Policyholder protection is ensured under Greek law through various schemes, including special guarantee funds, namely:
- the “Private Life Insurance Guarantee Fund” which is established for the protection of life insurance policyholders in the event of bankruptcy or revocation of the license of their life insurance company. The main objective of the Fund, which is supervised by the BoG is to arrange for the smooth transfer of the relevant life portfolio to another insurance company, or to compensate the policyholders for their claims under their respective policies up to the limits set in the law.
- The “Auxiliary Fund Insurance of Liability Arising out of Motor Accidents” which is established and operates under the supervision of the BoG, for the protection of motor-vehicle policyholders in the event of bankruptcy or license revocation of the insurance company, or for the provision of compensation to the policyholders for damage incurred by accidents caused by uninsured vehicles.

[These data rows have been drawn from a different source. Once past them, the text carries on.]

Definition limsup_0right (f : R -> R) : \bar R :=
  ereal_inf [set ereal_sup [set (f r)%:E | r in [set r | 0 < r < d]]
            | d in [set d | 0 < d]].

Definition limsup_pinfty (f : R -> R) : \bar R :=
  ereal_inf [set ereal_sup [set (f r)%:E | r in [set r | r0 <= r /\ 0 < r]]
            | r0 in [set: R]].

(* lower Dini derivative of V along the system, for V defined on D:
   liminf_{h -> 0+} (V(phi(h,x,sigma)) - V(x))/h, the liminf being taken
   over those h for which phi(h,x,sigma) lies in the domain D of V. *)
Definition dini_lower (phi : R -> X -> (R -> Q) -> X) (D : set X) (V : X -> R)
    (x : X) (sigma : R -> Q) : \bar R :=
  ereal_sup [set ereal_inf [set ((V (phi h x sigma) - V x) / h)%:E
                           | h in [set h | 0 < h < d /\ D (phi h x sigma)]]
            | d in [set d | 0 < d]].

(* Lyapunov hypotheses on a domain D (D = B_X(0,R) in (i),(ii); D = X in (iii)) *)
Definition lyap_hyp (S : set (R -> Q)) (phi : R -> X -> (R -> Q) -> X)
    (D : set X) (V : X -> R) (p c : R) : Prop :=
  [/\ 0 < p, 0 < c,
      (forall x, D x -> 0 <= V x),
      (forall x sigma, D x -> S sigma ->
         V x <= c * (`|x| `^ p) /\
         (dini_lower phi D V x sigma <= (- (`|x| `^ p))%:E)%E) &
      (forall x sigma, D x -> S sigma -> forall t, 0 < t -> D (phi t x sigma) ->
         forall eps, 0 < eps -> exists2 del, 0 < del &
           forall s, t - del < s <= t -> D (phi s x sigma) ->
             `|V (phi s x sigma) - V (phi t x sigma)| < eps)].

Definition ULES (S : set (R -> Q)) (phi : R -> X -> (R -> Q) -> X) : Prop :=
  exists r M lam, [/\ 0 < r, 0 < M, 0 < lam &
    forall t x sigma, 0 <= t -> `|x| <= r -> S sigma ->
      `|phi t x sigma| <= M * expR (- (lam * t)) * `|x|].

Definition USGES (S : set (R -> Q)) (phi : R -> X -> (R -> Q) -> X) : Prop :=
  forall r, 0 < r -> exists M lam, [/\ 0 < M, 0 < lam &
    forall t x sigma, 0 <= t -> `|x| <= r -> S sigma ->
      `|phi t x sigma| <= M * expR (- (lam * t)) * `|x|].

Definition UGES (S : set (R -> Q)) (phi : R -> X -> (R -> Q) -> X) : Prop :=
  exists M lam, [/\ 0 < M, 0 < lam &
    forall t x sigma, 0 <= t -> S sigma ->
      `|phi t x sigma| <= M * expR (- (lam * t)) * `|x|].

End Defs.

From HB Require Import structures.
From mathcomp Require Import all_boot all_order all_algebra.
From mathcomp Require Import all_classical all_reals all_analysis.
From mathcomp Require Import ring lra.
Import Order.TTheory GRing.Theory Num.Theory.
Import numFieldNormedType.Exports.
Local Open Scope classical_set_scope.
Local Open Scope ring_scope.
Set Implicit Arguments. Unset Strict Implicit. Unset Printing Implicit Defensive.

(* Along a trajectory, t |-> V(phi t x) + m t is nonincreasing as long as
   |phi t x|^p > m: the lower Dini derivative bound gives descent to the right of
   every time, and left continuity turns this into monotonicity by a sup argument.
   As V(x) <= c |x|^p and V >= 0, a trajectory cannot stay outside the ball of
   radius e for longer than c |x|^p / e^p.  With e = |x| / 2 the norm is halved
   within a time that does not depend on x, and iterating the halving, with the
   a priori bound G0 beta(|x|) on windows of length t1 in between, yields an
   exponential estimate.  Near 0, beta is linearly bounded, which gives (i); when
   beta is the identity the estimate is global, which gives (iii).  For (ii), the
   limsup condition provides for every r a radius R such that trajectories from
   B(0, r) re-enter B(0, beta^-1(R / G0)) before each window of length t1 closes,
   hence never leave B(0, R); there V_R forces them into the ball of (i) within a
   uniform time. *)

Section RealLemmas.
Variable R : realType.
Implicit Types (a b m tau : R) (g : R -> R).

Definition left_continuous_on a b g :=
  forall t, a < t <= b -> forall e, 0 < e -> exists2 del, 0 < del &
    forall s, t - del < s <= t -> a <= s -> `|g s - g t| < e.

Definition right_descent_on a b g :=
  forall t, a <= t < b -> forall d, 0 < d -> exists h, [/\ 0 < h, h < d & g (t + h) <= g t].

Lemma left_continuous_on_add_linear a b m g :
  left_continuous_on a b g -> left_continuous_on a b (fun t => g t + m * t).
Proof.
move=> lcg t tab e e0.
have [del del0 Hdel] := lcg t tab (e / 2) ltac:(by rewrite divr_gt0).
have m1 : 0 < 1 + `|m| by rewrite ltr_pwDl.
pose d := Num.min del (e / 2 / (1 + `|m|)).
have dd : d <= del by rewrite ge_min lexx.
have de : d * (1 + `|m|) <= e / 2 by rewrite -ler_pdivlMr // ge_min lexx orbT.
exists d => [|s /andP[s1 st] as_]; first by rewrite lt_min del0 !divr_gt0.
have {}Hdel := Hdel s ltac:(by rewrite st andbT; lra) as_.
have lin : `|m * s - m * t| <= e / 2.
  have ts : `|s - t| = t - s by rewrite distrC ger0_norm // subr_ge0.
  rewrite -mulrBr normrM ts.
  have : (t - s) * (1 + `|m|) <= d * (1 + `|m|) by rewrite ler_wpM2r //; lra.
  have : `|m| * (t - s) <= (1 + `|m|) * (t - s) by rewrite ler_wpM2r ?subr_ge0 ?lerDr.
  lra.
have -> : g s + m * s - (g t + m * t) = (g s - g t) + (m * s - m * t) by ring.
by apply: le_lt_trans (ler_normD _ _) _; lra.
Qed.

Lemma right_descent_le a b g : a <= b ->
  left_continuous_on a b g -> right_descent_on a b g -> g b <= g a.
Proof.
move=> ab lcg dg.
pose A := [set t | a <= t <= b /\ g t <= g a].
have Aa : A a by rewrite /A /= lexx ab.
have hA : has_sup A by split; [exists a | exists b => t [/andP[_ ->]]].
pose s := sup A.
have as_ : a <= s := sup_upper_bound hA Aa.
have sb : s <= b by apply: ge_sup => [|t [/andP[_ ->]]]; first by exists a.
have gs : g s <= g a.
  have [<-//|a_lt_s] := eqVneq a s.
  apply/ler_addgt0Pr => e e0.
  have [del del0 Hdel] := lcg s ltac:(by rewrite lt_neqAle a_lt_s as_ sb) e e0.
  have [t [/andP[at_ tb] gt] st] := sup_adherent del0 hA.
  have ts : t <= s := sup_upper_bound hA (conj (introT andP (conj at_ tb)) gt).
  have := Hdel t ltac:(by rewrite -/s st ts) at_.
  by move/ltr_distlCDr; lra.
suff -> : b = s by [].
apply/eqP; rewrite eq_le sb andbT leNgt; apply/negP => sb'.
have [h [h0 hd gh]] := dg s ltac:(by rewrite as_ sb') (b - s) ltac:(by rewrite subr_gt0).
have : A (s + h) by split; [apply/andP; split; lra | exact: le_trans gh gs].
by move/(sup_upper_bound hA); rewrite -/s; lra.
Qed.

Lemma real_step_ind (P : R -> Prop) tau : 0 < tau ->
  (forall t, 0 <= t -> (forall s, 0 <= s <= t - tau -> P s) -> P t) ->
  forall t, 0 <= t -> P t.
Proof.
move=> tau0 HP.
suff Pn n : forall t, 0 <= t <= n%:R * tau -> P t.
  move=> t t0; apply: (Pn (Num.Def.trunc (t / tau)).+1); rewrite t0 /=.
  by rewrite -ler_pdivrMr // ltW // truncnS_gt.
elim: n => [|n IH] t /andP[t0 tn]; apply: HP => // s /andP[s0 st].
  by rewrite mul0r in tn; lra.
by apply: IH; rewrite s0 /=; move: tn; rewrite -natr1 mulrDl mul1r; lra.
Qed.

Lemma expRN_shift (lam s t : R) :
  expR (- (lam * (t - s))) = expR (lam * s) * expR (- (lam * t)).
Proof. by rewrite -expRD; congr expR; ring. Qed.

End RealLemmas.

Section ClassKinf.
Variable R : realType.
Implicit Types (beta : R -> R) (r s y : R).

Lemma classKinf_le beta r s : classKinf beta -> 0 <= r <= s -> beta r <= beta s.
Proof.
case=> _ incr _ _ /andP[r0 rs].
by have [->//|r_neq_s] := eqVneq r s; rewrite ltW // incr // lt_neqAle r_neq_s.
Qed.

Lemma Kinv_spec beta y : classKinf beta -> 0 <= y ->
  0 <= Kinv beta y /\ beta (Kinv beta y) = y.
Proof.
case=> cont _ unbounded beta0 y0.
have [r [r0 yr]] := unbounded y.
apply: (@xgetPex _ 0 [set r | 0 <= r /\ beta r = y]).
have cont0r : {within `[0, r], continuous beta}.
  by apply: continuous_subspaceW cont => t; rewrite /= in_itv /= => /andP[].
have [|t] := IVT r0 cont0r (v := y).
  by rewrite beta0 ge_min y0 le_max (ltW yr) orbT.
by rewrite in_itv /= => /andP[t0 _] bt; exists t.
Qed.

Lemma linear_bound_near0 beta : beta 0 = 0 ->
  (limsup_0right (fun r => (beta r / r)%R) < +oo)%E ->
  exists del K, 0 < del /\ forall r, 0 <= r < del -> beta r <= K * r.
Proof.
move=> beta0 /ereal_inf_lt[_ [d /= d0 <-]].
set E := [set (beta r / r)%:E | r in [set r | 0 < r < d]].
have Ed2 : E (beta (d / 2) / (d / 2))%:E by exists (d / 2) => //=; apply/andP; split; lra.
case Hs: (ereal_sup E) (ereal_sup_ubound Ed2) => [K| |] // _ _.
exists d, K; split => // r /andP[r0 rd].
have [->|r_neq0] := eqVneq r 0; first by rewrite beta0 mulr0.
have r_gt0 : 0 < r by rewrite lt_neqAle eq_sym r_neq0.
have : ((beta r / r)%:E <= K%:E)%E.
  by rewrite -Hs; apply: ereal_sup_ubound; exists r; rewrite //= r_gt0.
by rewrite lee_fin ler_pdivrMr.
Qed.

Lemma limsup_pinfty_gt (f : R -> R) M : limsup_pinfty f = +oo%E ->
  exists2 r, 0 < r & M < f r.
Proof.
move/ereal_inf_pinfty/(_ _ (imageP _ (I : [set: R] 0))) => /= sup_oo.
have : (M%:E < +oo)%E by rewrite ltry.
by rewrite -sup_oo => /ereal_sup_gt[_ [r [_ r0] <-]]; rewrite lte_fin; exists r.
Qed.

End ClassKinf.

Section Flow.
Variables (R : realType) (X : normedModType R) (Q : Type).
Variables (S : set (R -> Q)) (phi : R -> X -> (R -> Q) -> X).
Hypotheses (sS : signal_set S) (fS : fwd_complete S phi).

Lemma signal_shift sigma s : S sigma -> 0 <= s -> S (tshift s sigma).
Proof. by case: sS => _ shift _; apply: shift. Qed.

Lemma flow0 x sigma : S sigma -> phi 0 x sigma = x.
Proof. by case: fS => phi0 _ _ _; apply: phi0. Qed.

Lemma flow_split x sigma s t : S sigma -> 0 <= s <= t ->
  phi t x sigma = phi (t - s) (phi s x sigma) (tshift s sigma).
Proof.
case: fS => _ _ _ semi Ss /andP[s0 st].
by rewrite semi // ?subr_ge0 // addrC subrK.
Qed.

Lemma exp_decay_of_halving rho A tau : 0 < tau -> 0 <= A ->
  (forall x sigma t, `|x| <= rho -> S sigma -> 0 <= t <= 2 * tau ->
     `|phi t x sigma| <= A * `|x|) ->
  (forall x sigma, `|x| <= rho -> S sigma ->
     exists2 s, tau <= s <= 2 * tau & `|phi s x sigma| <= `|x| / 2) ->
  forall t, 0 <= t -> forall x sigma, `|x| <= rho -> S sigma ->
    `|phi t x sigma| <= 2 * A * expR (- (ln 2 / (2 * tau) * t)) * `|x|.
Proof.
move=> tau0 A0 short halve.
set lam := ln 2 / (2 * tau).
have lam_small s : 0 <= s <= 2 * tau -> expR (lam * s) <= 2.
  move=> /andP[s0 s2]; rewrite -[X in _ <= X](@lnK _ 2) ?posrE // ler_expR.
  rewrite /lam mulrAC ler_pdivrMr ?mulr_gt0 // ler_wpM2l // ltW // ln_gt0 //.
  by rewrite ltr1n.
apply: (real_step_ind tau0) => t t0 IH x sigma xr Ss.
have [t2|t2] := leP t (2 * tau).
  apply: le_trans (short x sigma t xr Ss ltac:(by rewrite t0 t2)) _.
  have -> : 2 * A * expR (- (lam * t)) * `|x| = A * `|x| * (2 / expR (lam * t)).
    by rewrite expRN; ring.
  rewrite ler_peMr ?mulr_ge0 // ler_pdivlMr ?expR_gt0 // mul1r.
  by rewrite lam_small // t0 t2.
have [s /andP[s1 s2] hs] := halve x sigma xr Ss.
have s0 : 0 <= s by lra.
rewrite (flow_split x (s := s)) ?s0 ?(le_trans s2 (ltW t2)) //.
have yr : `|phi s x sigma| <= rho by apply: le_trans hs _; have := normr_ge0 x; lra.
apply: le_trans (IH (t - s) _ _ _ yr (signal_shift Ss s0)) _; first by lra.
rewrite expRN_shift.
have E2 : 0 <= expR (- (lam * t)) := ltW (expR_gt0 _).
have h1 := ler_wpM2l (mulr_ge0 (mulr_ge0 (ler0n _ 2) A0)
  (mulr_ge0 (ltW (expR_gt0 (lam * s))) E2)) hs.
have h2 := ler_wpM2l (mulr_ge0 (mulr_ge0 A0 E2) (normr_ge0 x))
  (lam_small s ltac:(by rewrite s0 s2)).
by lra.
Qed.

Each Fund is financed through mandatory contributions payable, respectively, by the life and non-life insurers writing business in Greece. The contribution is calculated as a per cent over the insurer’s annual gross written premium and a portion of it is charged to the policyholder.
In addition to the above special schemes, the insurance legislation is structured around the protection of the policyholders. In this respect, the Insurance Contract Act mainly consist of mandatory provisions that aim to protect policyholders and insureds and can be derogated only in the direction of enhancing the rights of the policyholders.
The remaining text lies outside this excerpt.